Activity:
Determine how many lines of the listing below include the string "Definition". Output the number and nothing more.

Supplied data:
(* Let $\mathcal{D}$ be a hybrid basic action theory containing the action $\mathit{noOp}$, let $\varphi$ be an effect and $\sigma$ a situation. Then: (1) $\mathcal{D}\models\exists a,ts.\,\mathit{PrimCause}(a,ts,\varphi,\sigma)\supset\exists\sigma'.\,\mathit{DefusedSit}(\varphi,\sigma,\sigma')$; (2) $\mathcal{D}\models\forall a_1,ts_1,\sigma_1,a_2,ts_2,\sigma_2.\;\mathit{PreempContr}(a_1,ts_1,\sigma_1,\varphi,\sigma)\land\mathit{PreempContr}(a_2,ts_2,\sigma_2,\varphi,\sigma)\land|\sigma_1|=|\sigma_2|\supset\sigma_1=\sigma_2$; (3) $\mathcal{D}\models\forall\sigma',\sigma''.\;\mathit{DefusedSit}(\varphi,\sigma,\sigma')\land\mathit{DefusedSit}(\varphi,\sigma,\sigma'')\supset\sigma'=\sigma''$; (4) $\mathcal{D}\models\forall\sigma'.\;\mathit{DefusedSit}(\varphi,\sigma,\sigma')\supset\neg\exists b,ts_b.\,\mathit{PrimCause}(b,ts_b,\varphi,\sigma')$.
   Context: Hybrid temporal situation calculus (HTSC): $S_0$ initial situation, $do(a,s)$ successor situation. $s\sqsubset s'$: $s'$ reachable from $s$ by one or more actions; $s\sqsubseteq s'$: $s\sqsubset s'\lor s=s'$. $\mathit{time}(a(\vec x,t))=t$, $\mathit{start}(do(a,s))=\mathit{time}(a)$. $\mathit{Exec}(s)\doteq\forall a,s'.(do(a,s')\sqsubseteq s\supset\mathit{Poss}(a,s')\land\mathit{start}(s')\le\mathit{time}(a))$; $s<s'$ abbreviates $s\sqsubset s'\land\mathit{Exec}(s')$; $s\le s'$ abbreviates $s<s'\lor s=s'$. $\mathit{timeStamp}(S_0)=0$, $\mathit{timeStamp}(do(a,s))=\mathit{timeStamp}(s)+1$. A hybrid basic action theory $\mathcal{D}$ contains initial-state, precondition, successor-state (discrete fluents), state evolution (temporal fluents), unique-names and foundational axioms. A temporal fluent $f$ has state evolution axiom $f(\vec x,t,s)=y\equiv[\bigvee_i(\gamma^f_i(\vec x,s)\land\delta_i(\vec x,y,t,s))\lor(y=f(\vec x,\mathit{start}(s),s)\land\neg\bigvee_i\gamma^f_i(\vec x,s))]$ with mutually exclusive contexts $\gamma^f_i$. An effect $\varphi$ is a situation- and time-suppressed formula, uniform in the situation, constraining the value of one primitive temporal fluent $f$; $\varphi[t,s]$ restores time $t$ and situation $s$; $\psi[s]$ restores $s$ in situation-suppressed $\psi$. $\mathit{noOp}(t)$ is an action (with $\mathit{time}(\mathit{noOp}(t))=t$) that is always possible and affects no fluent. $\mathit{CausesDir}(a,ts,\psi,s)\doteq\exists s_a.\,\mathit{timeStamp}(s_a)=ts\land(S_0<do(a,s_a)\le s)\land\neg\psi[s_a]\land\forall s'.(do(a,s_a)\le s'\le s\supset\psi[s'])$. $\mathit{end}(s',s)=\mathit{start}(s')$ if $s'=s$; $=\mathit{time}(a)$ if $do(a,s')\le s$. $\mathit{AchvSitAux}(s_\varphi,\varphi,s)\doteq\varphi[\mathit{end}(s_\varphi,s),s_\varphi]\land\forall s',t.(s_\varphi<s'\le s\land\mathit{start}(s')\le t\le\mathit{end}(s',s)\supset\varphi[t,s'])$; $\mathit{AchvSit}(s_\varphi,\varphi,s)\doteq\mathit{AchvSitAux}(s_\varphi,\varphi,s)\land\neg\exists s''.(s''<s_\varphi\land\mathit{AchvSitAux}(s'',\varphi,s))$. $\mathit{DirPossContr}(\alpha,s_\alpha,s_\varphi,\sigma,\varphi)\doteq\exists i,ts.\,\mathit{Exec}(s_\alpha)\land\mathit{Poss}(\alpha,s_\alpha)\land\mathit{timeStamp}(s_\alpha)=ts\land s_\alpha<s_\varphi\le\sigma\land\neg\varphi[\mathit{time}(\alpha),s_\alpha]\land\varphi[\mathit{end}(s_\varphi,\sigma),s_\varphi]\land\mathit{CausesDir}(\alpha,ts,\gamma^f_i,s_\varphi)$; $\mathit{DirActContr}(\alpha,s_\alpha,s_\varphi,\varphi,\sigma)\doteq\exists\sigma'.\,\mathit{DirPossContr}(\alpha,s_\alpha,s_\varphi,\sigma',\varphi)\land\sigma'\le\sigma$; $\mathit{PrimCause}(\alpha,ts,\varphi,\sigma)\doteq\exists s_\alpha,s_\varphi.\,\mathit{AchvSit}(s_\varphi,\varphi,\sigma)\land\mathit{timeStamp}(s_\alpha)=ts\land\mathit{DirActContr}(\alpha,s_\alpha,s_\varphi,\varphi,\sigma)$. Single-action counterfactual: $\mathit{CF}_{one}(s',s,\langle a',a,ts\rangle)$ holds iff there is $s_{sh}$ with $\mathit{timeStamp}(s_{sh})=ts$, $a\ne a'$, $do(a,s_{sh})\sqsubseteq s$, $do(a',s_{sh})\sqsubseteq s'$, and: for all $a^*,s^*$ with $do(a,s_{sh})\sqsubset do(a^*,s^* )\sqsubseteq s$ there is $s^+$ with $\mathit{timeStamp}(s^+)=\mathit{timeStamp}(s^* )$ and $do(a^*,s^+)\sqsubseteq s'$; and for all $a^*,s^*$ with $do(a',s_{sh})\sqsubset do(a^*,s^* )\sqsubseteq s'$ there is $s^+$ with $\mathit{timeStamp}(s^+)=\mathit{timeStamp}(s^* )$ and $do(a^*,s^+)\sqsubseteq s$. Preempted contributors: $\mathit{PreempContr}$ is the least relation $P(a,ts,\sigma',\varphi,\sigma)$ such that (i) if $\mathit{PrimCause}(a,ts,\varphi,\sigma)$ and $\mathit{CF}_{one}(\sigma',\sigma,\langle\mathit{noOp}(\mathit{time}(a)),a,ts\rangle)$ then $P(a,ts,\sigma',\varphi,\sigma)$; (ii) if $P(a'',ts'',\sigma'',\varphi,\sigma)$, $\mathit{PrimCause}(a',ts',\varphi,\sigma'')$ and $\mathit{CF}_{one}(\sigma',\sigma'',\langle\mathit{noOp}(\mathit{time}(a')),a',ts'\rangle)$ then $P(a',ts',\sigma',\varphi,\sigma)$. $|s|$ is the number of $\mathit{noOp}$ actions in $s$: $|S_0|=0$; $|do(a,s')|=|s'|$ if $a$ is not of the form $\mathit{noOp}(t)$; $|do(\mathit{noOp}(t),s')|=1+|s'|$. $\mathit{DefusedSit}(\varphi,\sigma,\sigma')\doteq\exists a',ts'.\,\mathit{PreempContr}(a',ts',\sigma',\varphi,\sigma)\land\forall\sigma'',a'',ts''.\,(\mathit{PreempContr}(a'',ts'',\sigma'',\varphi,\sigma)\land\sigma'\ne\sigma''\supset|\sigma''|<|\sigma'|)$. *)

(* Semantic rendering of the hybrid temporal situation calculus
   (HTSC): a statement "D |= Phi" for an arbitrary hybrid basic action theory D
   is rendered as "Phi holds in every structure satisfying the axiom schemata of
   a hybrid BAT (with noOp)", the structure being a record [HBAT]. *)
From Stdlib Require Import Reals ClassicalEpsilon Arith.
Open Scope R_scope.
Set Implicit Arguments.
Unset Strict Implicit.

(* Situations: by the foundational axioms every model has (up to isomorphism)
   the tree of finite action sequences rooted at S0. *)
Inductive sit (A : Type) : Type :=
| S0 : sit A
| do : A -> sit A -> sit A.
Arguments S0 {A}.

Inductive sqsub {A : Type} : sit A -> sit A -> Prop :=
| sqsub_do : forall a s, sqsub s (do a s)
| sqsub_step : forall a s s', sqsub s s' -> sqsub s (do a s').

Definition sqsubeq {A : Type} (s s' : sit A) : Prop := sqsub s s' \/ s = s'.

Fixpoint timeStamp {A : Type} (s : sit A) : nat :=
  match s with S0 => 0%nat | do _ s' => S (timeStamp s') end.

Record HBAT := {
  Act : Type;
  time : Act -> R;
  noOp : R -> Act;
  time_noOp : forall t, time (noOp t) = t;
  startS0 : R;
  Poss : Act -> sit Act -> Prop;
  Poss_noOp : forall t s, Poss (noOp t) s;
  (* discrete fluents: DState is the interpretation of all discrete fluents
     (for all arguments) in a situation; successor-state axioms are uniform
     in s, hence dstate (do a s) is a function of a and dstate s *)
  DState : Type;
  dstate : sit Act -> DState;
  ssa : Act -> DState -> DState;
  dstate_do : forall a s, dstate (do a s) = ssa a (dstate s);
  ssa_noOp : forall t d, ssa (noOp t) d = d;
  (* temporal fluents: TFl = primitive temporal fluents applied to arguments x *)
  TFl : Type;
  TVal : Type;
  tval : TFl -> R -> sit Act -> TVal;
  Ctx : TFl -> Type;
  ctx : forall f, Ctx f -> DState -> Prop;   (* gamma^f_i, uniform in s (discrete fluents) *)
  ctx_excl : forall f (i j : Ctx f) d, i <> j -> ctx i d -> ctx j d -> False;
  delta : forall f, Ctx f -> TVal -> R -> sit Act -> Prop;
  sea : forall f t s y,
      tval f t s = y <->
      ((exists i : Ctx f, ctx i (dstate s) /\ delta i y t s) \/
       (y = tval f (match s with S0 => startS0 | do a _ => time a end) s /\
        ~ (exists i : Ctx f, ctx i (dstate s))));
  tval_noOp : forall f t t' s, t <= t' -> tval f t' (do (noOp t) s) = tval f t' s
}.

Section HTSC.
Variable D : HBAT.
Notation Act := (Act D).
Notation Sit := (sit Act).

Definition start (s : Sit) : R :=
  match s with S0 => startS0 D | do a _ => time a end.

Definition Exec (s : Sit) : Prop :=
  forall a s', sqsubeq (do a s') s -> Poss a s' /\ start s' <= time a.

Answer to the exercise:
3